Now as we have initiated database connection and created the targetTable as well as the cohortTable we are ready to initiate the execution function for the study.


################################################################################
#
# Execute
#
################################################################################

data = CohortContrast::CohortContrast(
  cdm,
  targetTable = targetTable,
  controlTable = controlTable,
  pathToResults = getwd(),
  domainsIncluded = c(
    "Drug",
    "Condition",
    "Measurement",
    "Observation",
    "Procedure",
    "Visit",
    "Visit detail"
  ),
  prevalenceCutOff = 2.5,
  topK = FALSE, # Number of features to export
  presenceFilter = 0.2, # 0-1, percentage of people who must have the chosen feature present
  complementaryMappingTable = FALSE, # A table for manual concept_id and concept_name mapping (merge)
  getSourceData = FALSE, # If true will generate summaries with source data as well
  runZTests = TRUE,
  runLogitTests = FALSE,
  createOutputFiles = TRUE,
  safeRun = FALSE,
  complName = "CohortContrastStudy")

The parameters

There are multiple parameters we can tweak for different outcomes:

Mandatory:

cdm Connection to the database

targetTable Table for target cohort

controlTable Table for control cohort

pathToResults Path to the results folder, can be project’s working directory

domainsIncluded list of CDM domains to include, choose from Drug, Condition, Measurement, Observation, Procedure, Visit, Visit detail

complName Name of the output file

Customization:

runZTests boolean for running Z-tests, tests is ran between the prevalence metrics

runLogitTests boolean for logit-tests on the prevalence, builds a model for predicting whether the patient is in target or control

runKSTests boolean for Kolmogorov-Smirnov tests on the occurrence time (vs uniform distribution)

getAllAbstractions boolean for creating abstractions’ levels for the imported data, this is useful when using GUI and exploring data

maximumAbstractionLevel Maximum level of abstraction allowed, if getAllAbstractions is TRUE, for hierarchy the concept_hierarchy table is used

getSourceData boolean for fetching source data, the data abstraction level which is used to map to OMOP CDM

lookbackDays FALSE or an integer stating the look-back period for cohort index date.

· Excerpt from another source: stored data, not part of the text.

(* Let $k$ be an algebraically closed field of characteristic zero and let $X\subset\mathbb P^n$ be a chain of closed subvarieties $X_1,\dots,X_\ell$ with saturated ideal $I_X=\bigcap_iI_{X_i}\subset k[x_0,\dots,x_n]$, such that for integers $n_0=0<n_1<\cdots<n_\ell=n$ one has $X_i\subset\{x_0=\cdots=x_{n_{i-1}-1}=0,\ x_{n_i+1}=\cdots=x_n=0\}$. Let $T_i=\langle x_{n_{i-1}},\dots,x_{n_i-1}\rangle\langle x_{n_i+1},\dots,x_n\rangle$ for $i=1,\dots,\ell-1$. Then for any monomial order $\prec$ on $k[x_0,\dots,x_n]$, \[ \mathrm{in}_\prec(I_X)=\sum_{i=1}^\ell\langle\mathrm{in}_\prec(I_{X_i}\cap k[x_{n_{i-1}},\dots,x_{n_i}])\rangle+\sum_{i=1}^{\ell-1}T_i=\sum_{i=1}^\ell\langle\mathrm{in}_\prec(I_X\cap k[x_{n_{i-1}},\dots,x_{n_i}])\rangle+\sum_{i=1}^{\ell-1}T_i, \] where each initial ideal $\mathrm{in}_\prec(J\cap k[x_{n_{i-1}},\dots,x_{n_i}])$ is computed in $k[x_{n_{i-1}},\dots,x_{n_i}]$ with the restricted order and $\langle\cdot\rangle$ denotes the generated ideal in $k[x_0,\dots,x_n]$.
   Context: A chain of subvarieties means $X=\bigcup_iX_i$ and $X_i\cap X_j\neq\emptyset$ iff $|i-j|=1$; $I_{X_i}$ is the saturated homogeneous ideal of $X_i$. *)

From HB Require Import structures.
From mathcomp Require Import all_boot all_order all_algebra.
From mathcomp Require Import mpoly.
Set Implicit Arguments. Unset Strict Implicit. Unset Printing Implicit Defensive.
Import Order.TTheory GRing.Theory.
Local Open Scope ring_scope.

Section Defs.
Variables (k : fieldType) (n : nat).
(* polynomial ring k[x_0,...,x_n] : {mpoly k[n.+1]}, variable x_j = 'X_j, j : 'I_(n.+1) *)
Notation Poly := {mpoly k[n.+1]}.
Notation Mon := 'X_{1..n.+1}.
(* points of k^{n+1}; a subset of P^n is represented by its affine cone *)
Notation Pt := ('I_(n.+1) -> k).

Definition pt_nonzero (v : Pt) : Prop := exists j, v j != 0.

Definition homogeneous (f : Poly) : Prop :=
  exists d, forall m, m \in msupp f -> mdeg m = d.

Definition proj_closed (X : Pt -> Prop) : Prop :=
  exists S : Poly -> Prop, (forall f, S f -> homogeneous f) /\
    forall v, X v <-> (pt_nonzero v /\ forall f, S f -> f.@[v] = 0).

Definition proj_variety (X : Pt -> Prop) : Prop :=
  proj_closed X /\ (exists v, X v) /\
  forall Y Z, proj_closed Y -> proj_closed Z ->
    (forall v, X v <-> (Y v \/ Z v)) ->
    (forall v, X v -> Y v) \/ (forall v, X v -> Z v).

(* saturated homogeneous ideal of X: all polynomials vanishing on X *)
Definition vanishing_ideal (X : Pt -> Prop) : Poly -> Prop :=
  fun f => forall v, X v -> f.@[v] = 0.

Definition gen_ideal_in (P : Poly -> Prop) (S : Poly -> Prop) : Poly -> Prop :=
  fun f => exists r (g h : nat -> Poly),
    (forall i, (i < r)%N -> P (g i) /\ S (h i)) /\ f = \sum_(i < r) g i * h i.

Definition whole (f : Poly) : Prop := True.

Definition gen_ideal (S : Poly -> Prop) : Poly -> Prop := gen_ideal_in whole S.

Definition monomial_order (lt : rel Mon) : Prop :=
  [/\ (forall m, ~~ lt m m),
      (forall m1 m2 m3, lt m1 m2 -> lt m2 m3 -> lt m1 m3),
      (forall m1 m2, m1 != m2 -> lt m1 m2 || lt m2 m1),
      (forall m1 m2 p, lt m1 m2 -> lt (m1 + p)%MM (m2 + p)%MM) &
      (forall m, m != 0%MM -> lt 0%MM m)].

Definition is_lead (lt : rel Mon) (f : Poly) (m : Mon) : Prop :=
  m \in msupp f /\ forall m', m' \in msupp f -> m' != m -> lt m' m.

Definition in_vars (a b : nat) (f : Poly) : Prop :=
  forall m, m \in msupp f -> forall j : 'I_(n.+1), (m j != 0)%N -> (a <= j <= b)%N.

(* in_lt(J ∩ k[x_a..x_b]), computed in k[x_a..x_b] with the restricted order:
   the ideal of the subring generated by leading monomials of nonzero elements *)
Definition initial_sub (lt : rel Mon) (J : Poly -> Prop) (a b : nat) : Poly -> Prop :=
  gen_ideal_in (in_vars a b)
    (fun p => exists f m, [/\ J f, in_vars a b f, f != 0, is_lead lt f m & p = 'X_[m]]).

Definition initial_ideal (lt : rel Mon) (J : Poly -> Prop) : Poly -> Prop :=
  gen_ideal (fun p => exists f m, [/\ J f, f != 0, is_lead lt f m & p = 'X_[m]]).

Definition var_ideal (a b : nat) : Poly -> Prop :=
  gen_ideal (fun p => exists j : 'I_(n.+1), (a <= j <= b)%N /\ p = 'X_j).

Definition ideal_add (I J : Poly -> Prop) : Poly -> Prop :=
  fun f => exists g h, I g /\ J h /\ f = g + h.

Definition ideal_mul (I J : Poly -> Prop) : Poly -> Prop :=
  gen_ideal (fun f => exists g h, I g /\ J h /\ f = g * h).

(* sum of ideals I lo + ... + I (hi-1) (the zero ideal if the range is empty) *)
Definition ideal_sum (I : nat -> Poly -> Prop) (lo hi : nat) : Poly -> Prop :=
  fun f => exists g : nat -> Poly,
    (forall i, (lo <= i < hi)%N -> I i (g i)) /\ f = \sum_(lo <= i < hi) g i.

Definition same_ideal (I J : Poly -> Prop) : Prop := forall f, I f <-> J f.
End Defs.

From HB Require Import structures.
From mathcomp Require Import all_boot all_order all_algebra.
From mathcomp Require Import mpoly.
From mathcomp Require Import zify.
Import GRing.Theory.
Local Open Scope ring_scope.
Set Implicit Arguments. Unset Strict Implicit. Unset Printing Implicit Defensive.

(* Write [c_i = x_(n_i)] for the only variable shared by the blocks of [X_i]
   and [X_(i+1)]. As [X_i ∩ X_(i+1)] is a nonempty cone inside the [c_i]-axis,
   that whole axis lies in [X], so no [f] in [I_X] has a pure power of [c_i] in
   its support. Every monomial either lies in some [T_i], and then vanishes on
   [X], or involves the variables of a single block. A monomial lying in two
   blocks is a pure power of some [c_i], so on [X_j] all monomials of [f] outside
   block [j] vanish: the block-[j] part of [f] lies in [I_(X_j)], and the leading
   monomial of [f] is in some [T_i] or leads an element of
   [I_(X_j) ∩ k[block j]]. The same observation shows that each element of
   [I_(X_j) ∩ k[block j]] vanishes on all of [X], which gives the reverse
   inclusions. *)

Section Ideals.
Variables (k : fieldType) (n : nat).
Local Notation Poly := {mpoly k[n.+1]}.

Definition is_ideal (I : Poly -> Prop) :=
  [/\ I 0, (forall a b, I a -> I b -> I (a + b)) & (forall c a, I a -> I (c * a))].

Lemma gen_ideal_in_min P S (I : Poly -> Prop) : is_ideal I -> (forall s, S s -> I s) ->
  forall f, gen_ideal_in P S f -> I f.
Proof.
move=> [I0 ID IM] SI f [r [g [h [gh ->]]]].
elim/big_ind: _ => // i _; apply: IM; apply: SI; exact: (gh i (ltn_ord i)).2.
Qed.

Lemma gen_ideal_in_gen P S (s : Poly) : P 1 -> S s -> gen_ideal_in P S s.
Proof.
move=> P1 Ss; exists 1%N, (fun _ => 1), (fun _ => s); split => //.
by rewrite big_ord1 mul1r.
Qed.

Lemma gen_ideal_gen S (s : Poly) : S s -> gen_ideal S s.
Proof. exact: gen_ideal_in_gen. Qed.

Lemma gen_ideal_in_monotone P (S S' : Poly -> Prop) : (forall s, S s -> S' s) ->
  forall f, gen_ideal_in P S f -> gen_ideal_in P S' f.
Proof.
move=> SS' f [r [g [h [gh ->]]]]; exists r, g, h; split => // i ir.
by have [Pg Sh] := gh i ir; split; last exact: SS'.
Qed.

Lemma gen_ideal_is_ideal (S : Poly -> Prop) : is_ideal (gen_ideal S).
Proof.
split.
- by exists 0%N, (fun _ => 0), (fun _ => 0); split; rewrite // big_ord0.
- move=> _ _ [r1 [g1 [h1 [gh1 ->]]]] [r2 [g2 [h2 [gh2 ->]]]].
  exists (r1 + r2)%N, (fun i => if (i < r1)%N then g1 i else g2 (i - r1)%N),
    (fun i => if (i < r1)%N then h1 i else h2 (i - r1)%N); split.
    move=> i ir; case: ifP => ir1; first exact: gh1.
    by apply: gh2; rewrite ltn_subLR // leqNgt ir1.
  rewrite big_split_ord /=; congr (_ + _); apply: eq_bigr => i _.
    by rewrite /= ltn_ord.
  by rewrite /= ltnNge leq_addr /= addKn.
- move=> c _ [r [g [h [gh ->]]]]; exists r, (fun i => c * g i), h; split => //.
  by rewrite mulr_sumr; apply: eq_bigr => i _; rewrite mulrA.
Qed.

Lemma gen_ideal0 (S : Poly -> Prop) : gen_ideal S 0.
Proof. by case: (gen_ideal_is_ideal S). Qed.

Lemma ideal_mul_gen_min (A B I : Poly -> Prop) : is_ideal I ->
  (forall a b, A a -> B b -> I (a * b)) ->
  forall f, ideal_mul (gen_ideal A) (gen_ideal B) f -> I f.
Proof.
move=> idI AB_I; apply: gen_ideal_in_min => // _ [g [h [Ag [Bh ->]]]].
have [I0 ID IM] := idI.
have mulr_ideal x : is_ideal (fun y => I (y * x)).
  split; [by rewrite mul0r | by move=> a b Ia Ib; rewrite mulrDl; apply: ID |].
  by move=> c a Ia; rewrite -mulrA; apply: IM.
have mull_ideal x : is_ideal (fun y => I (x * y)).
  split; [by rewrite mulr0 | by move=> a b Ia Ib; rewrite mulrDr; apply: ID |].
  by move=> c a Ia; rewrite mulrCA; apply: IM.
move: g Ag; apply: gen_ideal_in_min (mulr_ideal h) _ => a Aa.
move: h Bh; apply: gen_ideal_in_min (mull_ideal a) _ => b Bb.
exact: AB_I.
Qed.

Lemma ideal_sum_is_ideal (J : nat -> Poly -> Prop) lo hi :
  (forall i, (lo <= i < hi)%N -> is_ideal (J i)) -> is_ideal (ideal_sum J lo hi).
Proof.
move=> idJ; split.
- exists (fun _ => 0); split; last by rewrite big1.
  by move=> i ih; case: (idJ i ih).
- move=> _ _ [g1 [Jg1 ->]] [g2 [Jg2 ->]]; exists (fun i => g1 i + g2 i).
  split; last by rewrite big_split.
  by move=> i ih; case: (idJ i ih) => _ JD _; apply: JD; [apply: Jg1 | apply: Jg2].
- move=> c _ [g [Jg ->]]; exists (fun i => c * g i); split; last by rewrite mulr_sumr.
  by move=> i ih; case: (idJ i ih) => _ _ JM; apply: JM; apply: Jg.
Qed.

Lemma ideal_sum0 (J : nat -> Poly -> Prop) lo hi :
  (forall i, (lo <= i < hi)%N -> J i 0) -> ideal_sum J lo hi 0.
Proof. by move=> J0; exists (fun _ => 0); rewrite big1. Qed.

Lemma ideal_sum_component (J : nat -> Poly -> Prop) lo hi i0 f :
  (forall i, (lo <= i < hi)%N -> J i 0) -> (lo <= i0 < hi)%N -> J i0 f ->
  ideal_sum J lo hi f.
Proof.
move=> J0 i0h Jf; exists (fun i => if i == i0 then f else 0); split.
  by move=> i ih; case: eqP => [->|_] //; apply: J0.
rewrite (bigD1_seq i0) ?mem_index_iota ?iota_uniq //= eqxx big1 ?addr0 //.
by move=> i /negbTE ->.
Qed.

This can be used inside the GUI which has a slider for adding look-back data.

prevalenceCutOff numeric or FALSE, if set, removes all of the concepts which are not present (in target) more than prevalenceCutOff times. Eg if set to 2, only concepts present double in target are exported.

topK numeric or FALSE, if set, keeps at maximum this number of features in the analysis. Maximum number of features exported.

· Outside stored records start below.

(* Let $E$ be a Banach lattice. Then the identity operator on $E$ is $uaw$-Dunford-Pettis if and only if $E$ is finite dimensional.
   Context: A net $(x_\alpha)$ in a Banach lattice $E$ is $uaw$-convergent to $x$ if $|x_\alpha-x|\wedge u\to 0$ weakly for every $u\in E_+$. A bounded operator $T\colon E\to E$ is $uaw$-Dunford-Pettis if every norm bounded $uaw$-null sequence $(x_n)$ in $E$ satisfies $\|Tx_n\|\to 0$. *)

From HB Require Import structures.
From mathcomp Require Import all_boot all_order all_algebra.
From mathcomp Require Import all_classical all_reals all_analysis.
Set Implicit Arguments. Unset Strict Implicit. Unset Printing Implicit Defensive.
Import Order.TTheory GRing.Theory Num.Theory.
Import numFieldNormedType.Exports.
Local Open Scope classical_set_scope.
Local Open Scope ring_scope.

Section BanachLattice.
Variables (R : realType) (E : completeNormedModType R).
Variables (le : E -> E -> Prop) (join : E -> E -> E).

Definition lmeet (x y : E) : E := - join (- x) (- y).
Definition labs (x : E) : E := join x (- x).

Definition is_banach_lattice : Prop :=
  (forall x, le x x) /\
      (forall x y, le x y -> le y x -> x = y) /\
      (forall x y z, le x y -> le y z -> le x z) /\
      (forall x y z, le x y -> le (x + z) (y + z)) /\
      (forall (a : R) x y, 0 <= a -> le x y -> le (a *: x) (a *: y)) /\
      (forall x y, le x (join x y) /\ le y (join x y) /\
                   forall z, le x z -> le y z -> le (join x y) z) /\
      (forall x y, le (labs x) (labs y) -> `|x| <= `|y|).

Definition weakly_cvg (x : nat -> E) (l : E) : Prop :=
  forall f : E -> R,
    (forall u v, f (u + v) = f u + f v) ->
    (forall (a : R) u, f (a *: u) = a * f u) ->
    continuous f ->
    (fun n => f (x n)) @ \oo --> f l.

Definition uaw_cvg (x : nat -> E) (l : E) : Prop :=
  forall u : E, le 0 u -> weakly_cvg (fun n => lmeet (labs (x n - l)) u) 0.

Definition norm_bounded (x : nat -> E) : Prop :=
  exists M : R, forall n, `|x n| <= M.

Definition uaw_dunford_pettis (T : E -> E) : Prop :=
  forall x : nat -> E, norm_bounded x -> uaw_cvg x 0 ->
    (fun n => `|T (x n)|) @ \oo --> (0 : R).

Definition finite_dimensional : Prop :=
  exists (n : nat) (b : 'I_n -> E),
    forall x : E, exists c : 'I_n -> R, x = \sum_(i < n) c i *: b i.

End BanachLattice.

(* A disjoint sequence of positive unit vectors is uaw-null: for [u >= 0] and a
   continuous functional [f], the pieces [d n ∧ u] are disjoint and lie below [u],
   so [sum_n |f (d n ∧ u)| <= ||f|| ||u||].  Hence if the identity is
   uaw-Dunford-Pettis, [E] has no infinite disjoint sequence; the same holds in
   finite dimension, since disjoint positive vectors are linearly independent.
   Without infinite disjoint sequences every positive element lies above an atom
   (an atomless one could be split forever), so a maximal disjoint family of atoms
   is finite and spans [E], and [E] is finite dimensional.  Conversely, along such a
   family [a_i] the coordinate functionals are continuous; a bounded sequence
   satisfies [|x n| <= C u] with [u = sum_i a_i / ||a_i||], whence
   [||x n|| <= C mass (|x n| ∧ u)] for the positive continuous functional
   [mass = sum_i ||a_i|| coord_i], and the right-hand side tends to 0 when
   [x n] is uaw-null. *)
From HB Require Import structures.
From mathcomp Require Import all_boot all_order all_algebra.
From mathcomp Require Import all_classical all_reals all_analysis.
From mathcomp Require Import ring lra.
Import Order.TTheory GRing.Theory Num.Theory.
Import numFieldNormedType.Exports.
Local Open Scope classical_set_scope.
Local Open Scope ring_scope.

Section LinearFunctional.
Context {R : realType} {E : normedModType R} {f : E -> R}.
Hypotheses (fD : forall u v, f (u + v) = f u + f v)
  (fZ : forall (a : R) u, f (a *: u) = a * f u).

Let f_linear : linear_for *:%R (f : E -> R^o).
Proof. by move=> a u v; rewrite fD fZ. Qed.

Let flin : {linear E -> R^o} :=
  HB.pack (f : E -> R^o) (GRing.isLinear.Build _ _ _ _ _ f_linear).

Lemma functional0 : f 0 = 0.
Proof. exact: (linear0 flin). Qed.

Lemma functional_sum (I : Type) (r : seq I) (P : pred I) (F : I -> E) :
  f (\sum_(i <- r | P i) F i) = \sum_(i <- r | P i) f (F i).
Proof. exact: (linear_sum flin). Qed.

Lemma continuous_functional_bounded :
  continuous f -> exists2 C : R, 0 <= C & forall z, `|f z| <= C * `|z|.
Proof.
move=> /(linear_bounded_continuous flin) /linear_boundedP fB.
near +oo_R => C; exists C; first by near: C; apply: nbhs_pinfty_ge; rewrite num_real.
by near: C.
Unshelve. all: by end_near.
Qed.

Lemma bounded_functional_continuous :
  (exists C : R, forall z, `|f z| <= C * `|z|) -> continuous f.
Proof.
move=> [C fC]; apply/(linear_bounded_continuous flin)/linear_boundedP.
near=> r => z; apply: le_trans (fC z) _.
by rewrite ler_wpM2r //; near: r; apply: nbhs_pinfty_ge; rewrite num_real.
Unshelve. all: by end_near.
Qed.

End LinearFunctional.

Lemma span_dependent {K : fieldType} {V : lmodType K} {n} (b : 'I_n -> V)
    (d : 'I_n.+1 -> V) :
  (forall i, exists c : 'I_n -> K, d i = \sum_(j < n) c j *: b j) ->
  exists2 w : 'rV[K]_n.+1, w != 0 & \sum_i w 0 i *: d i = 0.
Proof.
move=> /(_ _)/cid dP; pose C := \matrix_(i < n.+1, j < n) projT1 (dP i) j.
have /rowV0Pn [w /sub_kermxP wC wn0] : kermx C != 0.
  by rewrite -mxrank_eq0 mxrank_ker -lt0n subn_gt0 ltnS rank_leq_col.
exists w => //; under eq_bigr => m _ do rewrite (projT2 (dP m)) scaler_sumr.
rewrite exchange_big big1 // => j _; have /matrixP/(_ 0 j) := wC; rewrite !mxE => wCj.
rewrite -[RHS](scale0r (b j)) -wCj scaler_suml.
by apply: eq_bigr => m _; rewrite scalerA mxE.
Qed.

Lemma nonneg_bounded_series_cvg0 (R : realType) (u : R ^nat) :
  (forall n, 0 <= u n) -> (exists B, forall N, \sum_(k < N) u k <= B) ->
  u @ \oo --> 0.
Proof.
move=> u0 [B uB]; apply: cvg_series_cvg_0; apply: nondecreasing_is_cvgn.
  by apply: nondecreasing_series => n _ _; apply: u0.
by exists B => _ [N _ <-]; rewrite /series /= big_mkord; apply: uB.
Qed.

(** * Calculus in a Banach lattice *)

Section VectorLattice.
Context {R : realType} {E : completeNormedModType R}.
Context {le : E -> E -> Prop} {join : E -> E -> E}.
Hypothesis HB : is_banach_lattice le join.

Local Notation "x ⊑ y" := (le x y) (at level 70, no associativity).
Local Notation meet := (lmeet join).
Local Notation abs := (labs join).

Lemma vle_refl x : x ⊑ x.
Proof. by case: HB => + _; apply. Qed.

Lemma vle_anti x y : x ⊑ y -> y ⊑ x -> x = y.
Proof. by case: HB => _ [+ _]; apply. Qed.

Lemma vle_trans [y x z] : x ⊑ y -> y ⊑ z -> x ⊑ z.
Proof. by case: HB => _ [_ [+ _]]; apply. Qed.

presenceFilter numeric or FALSE, if set, removes all features represented by fewer target cohort subjects than the given percentage

complementaryMappingTable data frame or FALSE. Mappingtable for mapping concept_ids if present, columns CONCEPT_ID, CONCEPT_ID.new, CONCEPT_NAME.new,

numCores Number of cores to allocate to parallel processing, by default max number of cores - 1

createOutputFiles Boolean for creating output files, the default value is TRUE

safeRun boolean for only returning summarized data

Notes:

When using the GUI prevalenceCutOff, presenceFilter can be changed on a slider.

The effect of runZTests and runLogitTests can be toggled.

The function will output a file with complName, in this case CohortContrastStudy.rds to the pathToResults path.